All datasets show sub-linear growth with respect to the total number of objects. Growth is decreased with an increased radius. The rate of growth appears to be similar for both sliding window segmentation and event-based segmentation. Note that sliding window segmentation contains a much larger number of segments than that of its sliding window counterpart.

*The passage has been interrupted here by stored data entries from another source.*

Definition mp_similar n (A B : 'M[mp]_n) : Prop :=
  exists P Q : 'M[mp]_n,
    [/\ mp_invertible P, mp_mulmx P Q = mp_id n, mp_mulmx Q P = mp_id n
      & B = mp_mulmx (mp_mulmx Q A) P].

Definition pseudo_diagonal n (D : 'M[mp]_n) : Prop :=
  (forall i, D i i != None) /\ (forall i j, i != j -> D i j = Some 0).

Definition pseudo_diagonalizable n (A : 'M[mp]_n) : Prop :=
  exists D, pseudo_diagonal D /\ mp_similar A D.

(* cycle means of a finite matrix: a cycle of length k.+1 through distinct
   indices is an injective f : 'I_k.+1 -> 'I_n *)
Definition cycle_mean n (A : 'M[R]_n) k (f : {ffun 'I_k.+1 -> 'I_n}) : R :=
  (\sum_(t < k.+1) A (f t) (f (inord (t.+1 %% k.+1)))) / k.+1%:R.

Definition cycle_means n (A : 'M[R]_n) : seq R :=
  flatten [seq map (@cycle_mean n A k) (filter (fun g : {ffun 'I_k.+1 -> 'I_n} => injectiveb (fun t => g t)) (enum {ffun 'I_k.+1 -> 'I_n}))
          | k <- iota 0 n].

(* lambda(A): maximum cycle mean (the list is nonempty for n >= 1) *)
Definition mcm n (A : 'M[R]_n) : R :=
  foldr Num.max (head 0 (cycle_means A)) (cycle_means A).

Definition A_lambda n (A : 'M[R]_n) : 'M[R]_n :=
  \matrix_(i, j) (A i j - mcm A).

Definition mp_eigenspace n (A : 'M[R]_n) (x : 'cV[mp]_n) : Prop :=
  mp_mulmx (fin_mx A) x = mp_scale (Some (mcm A)) x.

Definition in_span n (G : seq 'cV[mp]_n) (x : 'cV[mp]_n) : Prop :=
  exists a : 'I_(size G) -> mp,
    forall i, x i 0 = \big[mp_add/None]_(j < size G)
                         mp_mul (a j) (nth (mp_eps_mx n 1) G j i 0).

Definition mp_independent n (G : seq 'cV[mp]_n) : Prop :=
  forall j, (j < size G)%N ->
    ~ in_span (take j G ++ drop j.+1 G) (nth (mp_eps_mx n 1) G j).

Definition is_basis n (S : 'cV[mp]_n -> Prop) (G : seq 'cV[mp]_n) : Prop :=
  mp_independent G /\ (forall x, S x <-> in_span G x).

Definition mp_dim_eq n (S : 'cV[mp]_n -> Prop) (d : nat) : Prop :=
  (exists G, is_basis S G /\ size G = d) /\
  (forall G, is_basis S G -> size G = d).

Definition vcol n (A : 'M[R]_n) (i : 'I_n) : 'cV[mp]_n :=
  \col_j (if j == i then Some 0 else Some (A j i)).

End MaxPlus.

From HB Require Import structures.
From mathcomp Require Import all_boot all_order all_algebra.
From mathcomp Require Import lra.
Set Implicit Arguments. Unset Strict Implicit. Unset Printing Implicit Defensive.
Import Order.TTheory GRing.Theory Num.Theory.
Local Open Scope ring_scope.

(* An invertible max-plus matrix is monomial (a permutation matrix with real
   weights p), so conjugating A by it to a pseudo-diagonal matrix says that
   a_kl = d_k - d_l off the diagonal for the potential d = p.  With a
   nonpositive diagonal, A is bounded entrywise by d_k - d_l, hence so are all
   its max-plus powers and all cycle weights telescope to at most 0, while
   every 2-cycle has weight exactly 0.  This gives lambda(A) = 0 and
   Gamma(A) = I ⊕ A.  An eigenvector x satisfies x_k >= a_kl + x_l for k <> l
   and, symmetrically, x_l >= a_lk + x_k, so x_k = d_k - d_l + x_l: V(A) is
   the max-plus line through the column (d_k - d_i)_k, which is v^(i). *)

Section MaxPlusOrder.
Variable R : realFieldType.
Notation mp := (option R).

Lemma mp_addA : associative (@mp_add R).
Proof. by case=> [x|] [y|] [z|] //=; rewrite maxA. Qed.

Lemma mp_addC : commutative (@mp_add R).
Proof. by case=> [x|] [y|] //=; rewrite maxC. Qed.

Lemma mp_add0l : left_id None (@mp_add R).
Proof. by case. Qed.

HB.instance Definition _ :=
  Monoid.isComLaw.Build mp None (@mp_add R) mp_addA mp_addC mp_add0l.

Lemma mp_mul0l (a : mp) : mp_mul (Some 0) a = a.
Proof. by case: a => //= x; rewrite add0r. Qed.

Lemma mp_mulr0 (a : mp) : mp_mul a None = None.
Proof. by case: a. Qed.

Lemma mp_mulC : commutative (@mp_mul R).
Proof. by case=> [x|] [y|] //=; rewrite addrC. Qed.

Lemma mp_mulA : associative (@mp_mul R).
Proof. by case=> [x|] [y|] [z|] //=; rewrite addrA. Qed.

Definition mp_le (a b : mp) : bool :=
  match a, b with
  | None, _ => true
  | Some _, None => false
  | Some x, Some y => x <= y
  end.

Lemma mp_le_refl a : mp_le a a.
Proof. by case: a => //= x. Qed.

Lemma mp_le_trans a b c : mp_le a b -> mp_le b c -> mp_le a c.
Proof. by case: a => [x|] //; case: b => [y|] //; case: c => [z|] //=; apply: le_trans. Qed.

Lemma mp_le_anti a b : mp_le a b -> mp_le b a -> a = b.
Proof. by case: a => [x|]; case: b => [y|] //= xy yx; rewrite (@le_anti _ _ x y) ?xy. Qed.

Lemma mp_le_add a b c : mp_le (mp_add a b) c = mp_le a c && mp_le b c.
Proof. by case: a => [x|]; case: b => [y|]; case: c => [z|] //=; rewrite ?ge_max ?andbT. Qed.

Lemma mp_le_addl a b : mp_le a (mp_add a b).
Proof. by case: a => [x|]; case: b => [y|] //=; rewrite ?le_max ?lexx. Qed.

Lemma mp_le_big (I : finType) (F : I -> mp) b :
  (forall t, mp_le (F t) b) -> mp_le (\big[@mp_add R/None]_t F t) b.
Proof.
move=> Fb; elim/big_ind: _ => // x y xb yb.
by rewrite mp_le_add xb yb.
Qed.

Lemma mp_le_big_term (I : finType) (F : I -> mp) t0 :
  mp_le (F t0) (\big[@mp_add R/None]_t F t).
Proof. by rewrite (bigD1 t0) //= mp_le_addl. Qed.

Lemma mp_big_only1 (I : finType) (F : I -> mp) t0 :
  (forall t, t != t0 -> F t = None) -> \big[@mp_add R/None]_t F t = F t0.
Proof. by move=> F0; rewrite (big_only1 t0) // => t /F0. Qed.

Lemma foldr_max_le (h : R) s b :
  h <= b -> (forall x, x \in s -> x <= b) -> foldr Num.max h s <= b.
Proof.
move=> hb; elim: s => //= y s IHs sb; rewrite ge_max sb ?mem_head //=.
by apply: IHs => x xs; rewrite sb // in_cons xs orbT.
Qed.

Lemma foldr_max_ge (h : R) s x : x \in s -> x <= foldr Num.max h s.
Proof.
elim: s => //= y s IHs; rewrite in_cons le_max => /orP[/eqP-> | /IHs->].
  by rewrite lexx.
by rewrite orbT.
Qed.

End MaxPlusOrder.

Section Span.
Variables (R : realFieldType) (n : nat).
Notation vec := 'cV[option R]_n.
Notation eps := (mp_eps_mx R n 1).

Lemma mp_scale_id (x : vec) : mp_scale (Some 0) x = x.
Proof. by apply/matrixP => i j; rewrite mxE mp_mul0l. Qed.

Lemma mp_scaleA a b (x : vec) :
  mp_scale a (mp_scale b x) = mp_scale (mp_mul a b) x.
Proof. by apply/matrixP => i j; rewrite !mxE mp_mulA. Qed.

Lemma mp_scale_eps (x y : vec) : mp_scale None x = mp_scale None y.
Proof. by apply/matrixP => i j; rewrite !mxE. Qed.

Lemma in_span0 (x : vec) : in_span [::] x -> x = eps.
Proof. by case=> a xE; apply/matrixP => i j; rewrite [j]ord1 xE big_ord0 mxE. Qed.

Lemma in_span1P (w x : vec) : in_span [:: w] x <-> exists a, x = mp_scale a w.
Proof.
split=> [[a xE] | [a ->]].
  by exists (a ord0); apply/matrixP => i j; rewrite [j]ord1 xE big_ord1 mxE.
by exists (fun=> a) => i; rewrite big_ord1 mxE.
Qed.

Lemma in_span_scale_nth (G : seq vec) j a :
  (j < size G)%N -> in_span G (mp_scale a (nth eps G j)).
Proof.
move=> jG; exists (fun t : 'I_(size G) => if val t == j then a else None) => i.
rewrite (mp_big_only1 (t0 := Ordinal jG)) /= ?eqxx ?mxE // => t tj.
by rewrite ifN //; apply: contra tj => /eqP tjE; apply/eqP/val_inj.
Qed.

Lemma mp_independent_multiples (G : seq vec) (v : vec) :
  mp_independent G -> (forall g, g \in G -> exists a, g = mp_scale a v) ->
  (size G <= 1)%N.
Proof.
case: G => [|g0 [|g1 G]] //= indG Gv.
have [a g0E] := Gv g0 (mem_head _ _).
have [[b|] g1E] := Gv g1 (@mem_behead _ (g0 :: _) _ (mem_head _ _)).
  (* g0 = (a - b) ⊗ g1 *)
  exfalso; apply: (indG 0%N) => //=.
  have -> : g0 = mp_scale (mp_mul a (Some (- b))) g1.
    by rewrite g1E mp_scaleA -mp_mulA /= addNr mp_mulC mp_mul0l.
  exact: (@in_span_scale_nth (g1 :: G) 0).
exfalso; apply: (indG 1%N) => //=.
by rewrite g1E (mp_scale_eps v g0) drop0; apply: (@in_span_scale_nth (g0 :: G) 0).
Qed.

Section Line.
Variables (S : vec -> Prop) (v : vec).
Hypotheses (Sv : forall x, S x <-> exists a, x = mp_scale a v) (v_neq0 : v <> eps).

Lemma is_basis_line : is_basis S [:: v].
Proof.
split=> [[|//] _ /in_span0 // | x].
by rewrite Sv in_span1P.
Qed.

Lemma mp_dim_line : mp_dim_eq S 1.
Proof.
split=> [|G [indG spanG]]; first by exists [:: v]; split; [exact: is_basis_line |].
have GS g : g \in G -> S g.
  case/(nthP eps)=> j jG <-; apply/spanG.
  by rewrite -[nth _ _ _]mp_scale_id; apply: in_span_scale_nth.
have := mp_independent_multiples indG (fun g gG => proj1 (Sv g) (GS g gG)).
case: G {indG GS} spanG => [spanG _ | g [|//] _ _ //].
exfalso; apply/v_neq0/in_span0/spanG/Sv.
by exists (Some 0); rewrite mp_scale_id.
Qed.

End Line.
End Span.

Lemma card_set_pred1P (T : finType) (p : pred T) :
  #|[set x | p x]| = 1%N -> exists x, forall y, p y = (y == x).
Proof. by move/eqP/cards1P=> [x pE]; exists x => y; rewrite -in_set1 -pE inE. Qed.

Section Monomial.
Variables (R : realFieldType) (n : nat).
Notation mx := 'M[option R]_n.

Lemma mp_invertible_monomial (P : mx) : mp_invertible P ->
  exists (c : 'I_n -> 'I_n) (p : 'I_n -> R), injective c /\
    forall t k, P t (c k) = if t == k then Some (p k) else None.
Proof.
case=> rowP colP.
have [c cE] := fin_all_exists (fun i => card_set_pred1P (rowP i)).
have [r rE] := fin_all_exists (fun j => card_set_pred1P (colP j)).
have rcK : cancel c r by move=> k; apply/eqP; rewrite eq_sym -rE cE.
exists c, (fun k => odflt 0 (P k (c k))); split; first exact: can_inj rcK.
move=> t k; case: eqP => [-> | /eqP tk].
  by move: (cE k (c k)); rewrite eqxx; case: (P k (c k)).
by apply/eqP; apply: contraNT tk; rewrite rE rcK.
Qed.

Section Conjugate.
Variables (P Q : mx) (c : 'I_n -> 'I_n) (p : 'I_n -> R).
Hypotheses (c_inj : injective c)
  (PE : forall t k, P t (c k) = if t == k then Some (p k) else None)
  (QP : mp_mulmx Q P = mp_id R n).

Lemma mp_inverse_monomial i k :
  Q i k = if i == c k then Some (- p k) else None.
Proof.
have := congr1 (fun M : mx => M i (c k)) QP; rewrite !mxE.
rewrite (mp_big_only1 (t0 := k)) => [|t /negbTE tk]; last by rewrite PE tk mp_mulr0.
rewrite PE eqxx; case: (Q i k) => [q|]; case: eqP => //= _ [qE].
by congr Some; lra.
Qed.

Lemma mp_conj_monomial (A : 'M[R]_n) k l :
  mp_mulmx (mp_mulmx Q (fin_mx A)) P (c k) (c l) = Some (A k l + p l - p k).
Proof.
rewrite mxE (mp_big_only1 (t0 := l)) => [|t /negbTE tl]; last by rewrite PE tl mp_mulr0.
rewrite mxE (mp_big_only1 (t0 := k)) => [|s sk]; last first.
  by rewrite mp_inverse_monomial (inj_eq c_inj) eq_sym (negbTE sk).
by rewrite mp_inverse_monomial eqxx PE eqxx mxE /=; congr Some; lra.
Qed.

End Conjugate.

Lemma pseudo_diagonalizable_potential (A : 'M[R]_n) :
  pseudo_diagonalizable (fin_mx A) ->
  exists d : 'I_n -> R, forall k l, k != l -> A k l = d k - d l.
Proof.
case=> D [[_ D_off] [P [Q [/mp_invertible_monomial [c [p [c_inj PE]]] _ QP DE]]]].
exists p => k l kl.
have := D_off (c k) (c l); rewrite (inj_eq c_inj) DE (mp_conj_monomial c_inj PE QP).
by move=> /(_ kl) [Akl]; lra.
Qed.

End Monomial.

Lemma ord_exists_neq n (k : 'I_n) : (1 < n)%N -> exists l : 'I_n, l != k.
Proof.
move=> n_gt1; have [k0 | k_neq0] := eqVneq (val k) 0%N.
  by exists (Ordinal n_gt1); apply/eqP => /(congr1 val) /=; rewrite k0.
by exists (Ordinal (ltnW n_gt1)); apply: contraNneq k_neq0 => <-.
Qed.

Section MaxPlusMatrix.
Variables (R : realFieldType) (n : nat).

Lemma mp_mul1mx p (B : 'M[option R]_(n, p)) : mp_mulmx (mp_id R n) B = B.
Proof.
apply/matrixP => i j; rewrite mxE (mp_big_only1 (t0 := i)) => [|t ti].
  by rewrite mxE eqxx mp_mul0l.
by rewrite mxE eq_sym (negbTE ti).
Qed.

Lemma mp_GammaE (B : 'M[option R]_n) i j :
  mp_Gamma B i j = \big[@mp_add R/None]_(k < n) mp_pow B k.+1 i j.
Proof. by apply: (big_morph (fun M : 'M_n => M i j)) => [M N|]; rewrite !mxE. Qed.

Lemma vcol_neq_eps (A : 'M[R]_n) i : vcol A i <> mp_eps_mx R n 1.
Proof. by move/matrixP/(_ i 0); rewrite !mxE eqxx. Qed.

End MaxPlusMatrix.

Section Potential.
Variables (R : realFieldType) (n : nat) (A : 'M[R]_n) (d : 'I_n -> R).
Hypotheses (n_gt1 : (1 < n)%N) (A_pot : forall k l, k != l -> A k l = d k - d l)
  (A_diag : forall i, A i i <= 0).

Lemma le_pot k l : A k l <= d k - d l.
Proof. by have [->|/A_pot->] := eqVneq k l; rewrite ?subrr ?A_diag. Qed.

(* the potential telescopes along any closed walk *)
Lemma cycle_mean_le0 k (f : {ffun 'I_k.+1 -> 'I_n}) : cycle_mean A f <= 0.
Proof.
rewrite /cycle_mean pmulr_lle0 ?invr_gt0 ?ltr0Sn //.
apply: le_trans (ler_sum _ (fun t _ => le_pot _ _)) _.
rewrite sumrB subr_le0 le_eqVlt (reindex_inj (@ordS_inj _)).
apply/orP; left; apply/eqP/eq_bigr => t _.
by congr (d (f _)); apply: val_inj; rewrite /= inordK // ltn_pmod.
Qed.

Lemma cycle_means_le0 x : x \in cycle_means A -> x <= 0.
Proof. by case/flatten_mapP=> k _ /mapP [f _ ->]; apply: cycle_mean_le0. Qed.

(* every 2-cycle has mean 0 *)
Lemma cycle_means_has0 : 0 \in cycle_means A.
Proof.
pose i0 := Ordinal (ltnW n_gt1); pose i1 := Ordinal n_gt1.
have i01 : i0 != i1 by [].
pose f : {ffun 'I_2 -> 'I_n} := [ffun t : 'I_2 => if val t == 0%N then i0 else i1].
apply/flatten_mapP; exists 1%N; first by rewrite mem_iota.
apply/mapP; exists f.
  rewrite mem_filter mem_enum andbT; apply/injectiveP => t s; rewrite !ffunE.
  by case: t s => [[|[|t]] ?] [[|[|s]] ?] //= E; apply: val_inj; rewrite //= E eqxx in i01.
rewrite /cycle_mean !big_ord_recl big_ord0 /= !ffunE /= !inordK //=.
by rewrite A_pot // A_pot 1?eq_sym // addr0 addrA subrK subrr mul0r.
Qed.

Lemma mcm_pot : mcm A = 0.
Proof.
apply/eqP; rewrite eq_le foldr_max_ge ?cycle_means_has0 // andbT.
apply: foldr_max_le cycle_means_le0; case E: (cycle_means A) => [|y s] //=.
by apply: cycle_means_le0; rewrite E mem_head.
Qed.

The effects of the radius R vary across datasets. For example, the WALK dataset shown in Fig. 3 reduces the total number of segments by about one third for a radius of R = 2. However, a radius of R = 3 or R = 4 shows excellent sub-linear growth. This is caused by two factors. First, the WALK dataset is much smaller than all other datasets. As more data is collected, there is a high probability of seeing a pattern that was previously seen. Therefore, smaller datasets may not experience as much reduction as larger datasets. Second, the WALK dataset is the most variable dataset tested by this paper. Accelerometer data is inherently noisy especially when the accelerometer is not affixed to the body (as with the WALK dataset). The results in Fig. 3 demonstrates the algorithm’s susceptibility to noise. This noise can be improved by increasing R as well as adding filtering.

Fig. 4 shows the effect of filtering the data before aggregation for the WALK dataset. A basic high pass filter is used by assigning each time point as the mean of a surrounding window of size 10 (approximately 0.2 seconds). A significant decrease in the cluster growth is observed. The choice of filter can either improve or hurt the results (in terms of sensitivity and specificity). For brevity, a complete analysis of proper filtering techniques is left to future work.

A summary of the reduction of each type of data is given in Fig. 5. MITDB, NSTDB, and STDB are excluded as they are all ECG (same as QRS for the MIMIC dataset).

B. Sensitivity and Specificity

Increasing the radius R for the proposed algorithm decreases the growth of groupings. However, this increase in R has a cost. Increasing the radius for an acceptable match increases the probability of incorporating incorrect matches to a grouping. Fig. 6 shows the change to sensitivity and specificity with varying values of R. As expected, an increase in R degrades performance of the proposed algorithm. A significant drop off is observed for a radius of R > 4. Hence, all other experiments used a value of R ≤ 4.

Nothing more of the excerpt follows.